With hindsight, it would have been a good idea to have a benefits realisation plan implemented from the outset in 2004. That did not happen, and we are keen to get one in place as soon as possible.
Dr M McCarthy:
Returning to the question about where consultants work, a key issue that should not be overlooked is that there are geographical issues that sometimes act as incentives or deterrents to where people choose to work. Mr Buchanan is right about that. However, another key element is the specialisation that has occurred recently in medicine, which means that consultants need to work in bigger groups to keep up their skills and expertise.
What tends to happen much more frequently now is that consultants work in networks so that they have good links with their colleagues in other centres. I think that that will continue as we move forward. The consultants tend to work across hospital sites in a trust and, sometimes, across hospital sites in several trusts. That works to the professionals’ advantage, because it maintains their skills and expertise. Importantly, provision of those specialist services also works to patients’ benefit. For example, the specialist services can be delivered as outreach in more rural areas. That is an important changing dynamic.
Mr Buchanan:
How does that networking happen? Is it done by telephone link or by some other means? Do consultants go out to those rural locations?
Dr M McCarthy:
It can be both.
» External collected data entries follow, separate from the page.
Lemma ri_local_lift p m (Ch : set 'rV[R]_p) (P : 'M[R]_(p, m)) (O : set 'rV[R]_m) a :
  convex_set Ch -> [set z *m P | z in Ch] `<=` O ->
  O `<=` eclosure [set z *m P | z in Ch] -> ri O a ->
  exists2 d, 0 < d & exists T, forall w, aff O w -> sqdist w a < d ^+ 2 ->
    exists z, [/\ Ch z, z *m P = w & forall j, `|z 0 j| <= T].
Proof.
move=> cCh CO OC ra.
have [c0 [k [B [Cc0 CB hA]]]] := closure_basis CO OC ra.1.
have [zh0 [Bh [ez0 eBh simp]]] := simplex_lift cCh Cc0 CB.
have imP mu : (zh0 + mu *m Bh) *m P = c0 + mu *m B by rewrite mulmxDl -mulmxA eBh ez0.
have [r r0 bary] := barycenter_nbhd B c0.
set g := c0 + _ *m B in bary.
have Og : O g.
  have [|beta0 beta1] := @near_barycenter_simplex k (const_mx k.+1%:R^-1).
    by move=> i; rewrite mxE subrr normr0 exprn_ge0 // invr_ge0.
  by apply: CO; exists (zh0 + const_mx k.+1%:R^-1 *m Bh); [apply: simp | rewrite imP].
have [eta eta0 Oa2] := ri_extend ra Og.
set lam := eta / (1 + eta).
have lam0 : 0 < lam by rewrite divr_gt0 //; lra.
have lam1 : lam < 1 by rewrite ltr_pdivrMr //; lra.
have eps0 : 0 < lam * r / 2 by rewrite divr_gt0 // mulr_gt0.
have [_ [qh Chq <-] hq] := OC _ Oa2 _ eps0.
exists (lam * r / 2) => //.
exists (\sum_j (`|zh0 0 j| + \sum_i `|Bh i j| + `|qh 0 j|)) => w hw hwa.
set q := qh *m P in hq.
have Oq : O q by apply: CO; exists qh.
set gw := lam^-1 *: (w - (1 - lam) *: q).
have gwB : (gw - c0 <= B)%MS.
  have -> : gw - c0 = lam^-1 *: ((w - c0) - (1 - lam) *: (q - c0)).
    by apply/rowP => j; rewrite !mxE; field; rewrite gt_eqF.
  by apply/scalemx_sub/submxB; [exact: hA | apply/scalemx_sub/hA/aff_self].
have [mu [mu0 mu1 emu]] : exists mu : 'rV[R]_k,
    [/\ forall i, 0 <= mu 0 i, \sum_i mu 0 i <= 1 & gw = c0 + mu *m B].
  apply: bary => // j; rewrite -[r](_ : lam^-1 * (2 * (lam * r / 2)) = r); last first.
    by field; rewrite gt_eqF.
  apply: (rescale_coord_dist eta0 (erefl lam)); first exact: coord_lt_sqdist eps0 hwa.
  by rewrite distrC; exact: coord_lt_sqdist eps0 hq.
exists (lam *: (zh0 + mu *m Bh) + (1 - lam) *: qh); split.
- by apply: cCh => //; [exact: simp | apply/andP; split; lra].
- rewrite mulmxDl -!scalemxAl imP -emu /gw scalerA mulfV ?gt_eqF // scale1r.
  by rewrite subrK.
- by move=> j; apply: simplex_comb_coord_bound => //; apply/andP; split; lra.
Qed.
Obviously, it will vary depending on the particular specialty. For example, our cancer services’ regional component is based in Belfast, but oncologists are in cancer units. Many highly specialist folk might go out and provide clinics and a number of other facilities.
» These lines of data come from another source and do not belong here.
(* For any voter matrix $V$, $r_V\ge \frac13$.
   Context: A voter matrix with $t$ topics is a matrix $V\in\{Y,N\}^{n\times t}$ for positive integers $n,t$ (rows are voters), subject to the standing assumption that in every column the number of entries $Y$ is at least the number of entries $N$. A proposal is a vector $p\in\{Y,N\}^t$. A voter $v$ supports $p$ if the Hamming distance between $v$ and $p$ is at most $t/2$; $p$ is supported by $V$ if at least $n/2$ rows of $V$ support $p$. For $i=1,\dots,t$ let $m_i$ be the fraction of entries $Y$ in column $i$ of $V$, and $m_V=\frac1t\sum_i m_i$. For a proposal $p$ let $m_i'=m_i$ if $p_i=Y$ and $m_i'=1-m_i$ if $p_i=N$; set $R_p=\frac1t\sum_i m_i'$ and $r_p=R_p/m_V$. $r_V$ is the maximum of $r_p$ over all proposals $p$ supported by $V$. *)

(* Y is encoded as [true], N as [false]. *)
From mathcomp Require Import all_boot all_order all_algebra.
Set Implicit Arguments. Unset Strict Implicit. Unset Printing Implicit Defensive.
Import Order.TTheory GRing.Theory Num.Theory.
Local Open Scope ring_scope.

(* A voter matrix: n voters (rows), t topics (columns), entries Y/N. *)
Definition vmatrix (n t : nat) := 'M[bool]_(n, t).
Definition proposal (t : nat) := 'I_t -> bool.

Definition voter_matrix (n t : nat) (V : vmatrix n t) : Prop :=
  forall j : 'I_t, (#|[set i | ~~ V i j]| <= #|[set i | V i j]|)%N.

Definition hamming (n t : nat) (V : vmatrix n t) (i : 'I_n) (p : proposal t) : nat :=
  #|[set j | V i j != p j]|.

Definition supports (n t : nat) (V : vmatrix n t) (i : 'I_n) (p : proposal t) : bool :=
  (2 * hamming V i p <= t)%N.

Definition supported (n t : nat) (V : vmatrix n t) (p : proposal t) : bool :=
  (n <= 2 * #|[set i | supports V i p]|)%N.

Definition mcol (n t : nat) (V : vmatrix n t) (j : 'I_t) : rat :=
  (#|[set i | V i j]|)%:R / n%:R.

Definition mV (n t : nat) (V : vmatrix n t) : rat :=
  (\sum_(j < t) mcol V j) / t%:R.

Definition Rp (n t : nat) (V : vmatrix n t) (p : proposal t) : rat :=
  (\sum_(j < t) (if p j then mcol V j else 1 - mcol V j)) / t%:R.

Definition rp (n t : nat) (V : vmatrix n t) (p : proposal t) : rat :=
  Rp V p / mV V.

(* Let p_k vote N on the first k topics and Y on the others, so that p_0 is
   the all-Y proposal with R = m_V and p_t the all-N one with R = 1 - m_V.
   Every voter supports p or its complement, hence one of the two is
   supported, and R of the complement is 1 - R_p.  It therefore suffices to
   find k with m_V/3 <= R_{p_k} <= 1 - m_V/3.  Since m_j >= 1/2, each step
   k -> k+1 lowers R by at most 1/t, which is smaller than the width
   1 - 2 m_V/3 >= 1/3 of that band as soon as t >= 3, so a discrete
   intermediate value argument applies.  For t <= 2 the all-Y proposal
   itself is supported: a voter with Y on topic 0 is within distance
   t - 1 <= t/2 of it, and at least half of the voters are such. *)
From mathcomp Require Import all_boot all_order all_algebra.
From mathcomp Require Import lra zify.
Set Implicit Arguments. Unset Strict Implicit. Unset Printing Implicit Defensive.
Import Order.TTheory GRing.Theory Num.Theory.
Local Open Scope ring_scope.

Lemma discrete_ivt (R : realDomainType) (f : nat -> R) (lo hi d : R) (T : nat) :
  lo <= f 0%N -> f T <= hi -> lo + d <= hi ->
  (forall k, (k < T)%N -> f k - d <= f k.+1) ->
  exists2 k, (k <= T)%N & lo <= f k <= hi.
Proof.
move=> lo_f0 fT_hi band drop.
have [|k fk_hi k_min] := ex_minnP (P := fun k => f k <= hi); first by exists T.
exists k; first exact: k_min.
rewrite fk_hi andbT; case: k fk_hi k_min => [//|k] _ k_min.
have hi_fk : hi < f k by rewrite ltNge; apply/negP => /k_min; rewrite ltnn.
have := drop k (k_min _ fT_hi); lra.
Qed.

Section VoterMatrix.

Variables (n t : nat) (V : vmatrix n t).

Definition negp (p : proposal t) : proposal t := fun j => ~~ p j.

Definition prefixN (k : nat) : proposal t := fun j => (k <= j)%N.

Lemma hamming_negp i p : (hamming V i p + hamming V i (negp p))%N = t.
Proof.
rewrite /hamming -[t in RHS]card_ord -(cardsC [set j | V i j != p j]).
congr (_ + _)%N; apply: eq_card => j.
by rewrite !inE /negp; case: (V i j); case: (p j).
Qed.

Lemma supported_or_negp p : supported V p \/ supported V (negp p).
Proof.
rewrite /supported.
set A := [set i | supports V i p]; set B := [set i | supports V i (negp p)].
have cover : [set: 'I_n] \subset A :|: B.
  apply/subsetP => i _; rewrite !inE /supports; apply/orP.
  have := hamming_negp i p; lia.
have := leq_trans (subset_leq_card cover) (leq_card_setU A B).
rewrite cardsT card_ord; lia.
Qed.

Lemma hamming_lt_of_agree i p j : V i j = p j -> (hamming V i p < t)%N.
Proof.
move=> agree; rewrite /hamming -[t in (_ < t)%N]card_ord -cardsT.
apply: proper_card; rewrite properT; apply/negP => /eqP full.
by have := in_setT j; rewrite -full inE agree eqxx.
Qed.

Lemma eq_Rp p q : p =1 q -> Rp V p = Rp V q.
Proof. by move=> pq; rewrite /Rp; congr (_ / _); apply: eq_bigr => j _; rewrite pq. Qed.

Lemma Rp_all_yes : Rp V (fun _ => true) = mV V.
Proof. by []. Qed.

Lemma Rp_prefixN0 : Rp V (prefixN 0) = mV V.
Proof. by rewrite -Rp_all_yes; apply: eq_Rp. Qed.

Hypothesis t_gt0 : (0 < t)%N.

Lemma Rp_negp p : Rp V (negp p) = 1 - Rp V p.
Proof.
have t_neq0 : t%:R != 0 :> rat by rewrite pnatr_eq0 -lt0n.
rewrite /Rp -[X in X - _](divff t_neq0) -mulrBl; congr (_ / _).
rewrite -[in t%:R](card_ord t) -sumr_const -sumrB.
by apply: eq_bigr => j _; rewrite /negp; case: (p j) => //=; rewrite opprB addrC subrK.
Qed.

Lemma Rp_prefixN_t : Rp V (prefixN t) = 1 - mV V.
Proof.
rewrite -Rp_all_yes -Rp_negp; apply: eq_Rp => j.
by rewrite /prefixN /negp leqNgt ltn_ord.
Qed.

Hypothesis n_gt0 : (0 < n)%N.

Lemma mcol_le1 j : mcol V j <= 1.
Proof.
rewrite /mcol ler_pdivrMr ?ltr0n // mul1r ler_nat -[n in (_ <= n)%N]card_ord.
exact: max_card.
Qed.

Lemma Rp_prefixN_step k : (k < t)%N -> Rp V (prefixN k) - t%:R^-1 <= Rp V (prefixN k.+1).
Proof.
move=> k_lt_t; set kt := Ordinal k_lt_t.
rewrite /Rp -{2}[t%:R^-1]mul1r -mulrBl ler_wpM2r ?invr_ge0 ?ler0n //.
rewrite (bigD1 kt) // [leRHS](bigD1 kt) //= /prefixN leqnn ltnn.
have same_rest : \sum_(j | j != kt) (if (k <= j)%N then mcol V j else 1 - mcol V j)
    = \sum_(j | j != kt) (if (k < j)%N then mcol V j else 1 - mcol V j).
  apply: eq_bigr => j j_neq_k; congr (if _ then _ else _).
  by move: j_neq_k; rewrite leq_eqVlt -(inj_eq val_inj) eq_sym => /negbTE ->.
rewrite same_rest; have := mcol_le1 kt; lra.
Qed.

Lemma mV_le1 : mV V <= 1.
Proof.
rewrite /mV ler_pdivrMr ?ltr0n // mul1r -[t in leRHS]card_ord -sumr_const.
by apply: ler_sum => j _; apply: mcol_le1.
Qed.

Hypothesis hV : voter_matrix V.

Lemma col_half j : (n <= 2 * #|[set i | V i j]|)%N.
Proof.
have := cardsC [set i | V i j]; rewrite card_ord.
have -> : ~: [set i | V i j] = [set i | ~~ V i j] by apply/setP => i; rewrite !inE.
have := hV j; lia.
Qed.

Lemma mcol_ge_half j : 1 / 2 <= mcol V j.
Proof.
rewrite /mcol ler_pdivlMr ?ltr0n // mulrAC ler_pdivrMr // mul1r.
by rewrite -natrM ler_nat mulnC col_half.
Qed.

Lemma mV_ge_half : 1 / 2 <= mV V.
Proof.
rewrite /mV ler_pdivlMr ?ltr0n // -[t in leLHS]card_ord -sumr_const mulr_sumr.
by apply: ler_sum => j _; rewrite mulr1; apply: mcol_ge_half.
Qed.

Lemma rp_ge c p : c * mV V <= Rp V p -> c <= rp V p.
Proof. by move=> cmV; rewrite /rp ler_pdivlMr //; have := mV_ge_half; lra. Qed.

Lemma supported_all_yes : (t <= 2)%N -> supported V (fun _ => true).
Proof.
move=> t_le2; set j0 := Ordinal t_gt0.
apply: leq_trans (col_half j0) _; rewrite leq_mul2l /=.
apply/subset_leq_card/subsetP => i; rewrite !inE /supports => yes_j0.
have := @hamming_lt_of_agree i (fun _ => true) j0 yes_j0; lia.
Qed.

End VoterMatrix.

Arguments prefixN {t} k.

Theorem lemma5p1 (n t : nat) (hn : (0 < n)%N) (ht : (0 < t)%N)
  (V : vmatrix n t) (hV : voter_matrix V) :
  exists p : proposal t, supported V p /\ 1 / 3%:R <= rp V p.
Proof.
have mV_half := mV_ge_half ht hn hV; have mV_1 := mV_le1 V ht hn.
have [t_le2 | t_gt2] := leqP t 2.
  exists (fun _ => true); split; first exact: supported_all_yes.
  by apply: (rp_ge ht hn hV); rewrite Rp_all_yes; lra.
have inv_t : t%:R^-1 <= 1 / 3 :> rat.
  by rewrite mul1r lef_pV2 ?posrE ?ltr0n // ler_nat.
have [k _ /andP [lo hi]] :
    exists2 k, (k <= t)%N & mV V / 3 <= Rp V (prefixN k) <= 1 - mV V / 3.
  apply: (discrete_ivt (f := fun k => Rp V (prefixN k)) (d := t%:R^-1)) => /=.
  - by rewrite Rp_prefixN0; lra.
  - by rewrite (Rp_prefixN_t V ht); lra.
  - lra.
  - exact: Rp_prefixN_step.
have [supp | supp] := supported_or_negp V (prefixN k).
- by exists (prefixN k); split => //; apply: (rp_ge ht hn hV); lra.
- exists (negp (prefixN k)); split => //; apply: (rp_ge ht hn hV).
  by rewrite Rp_negp //; lra.
Qed.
As well as visiting consultants, telephone links have been established for that communication. Radiology links are much easier to establish because radiologists can access X-rays on their computer screens, and it is even possible to do that at home. Therefore, there are many aspects to the networking, but it all means that there is a joined-up approach to healthcare provision, rather than thinking that a site or place is the only component.
The Acting Chairperson:
Thank you for your interesting presentation. We hope to see you again soon.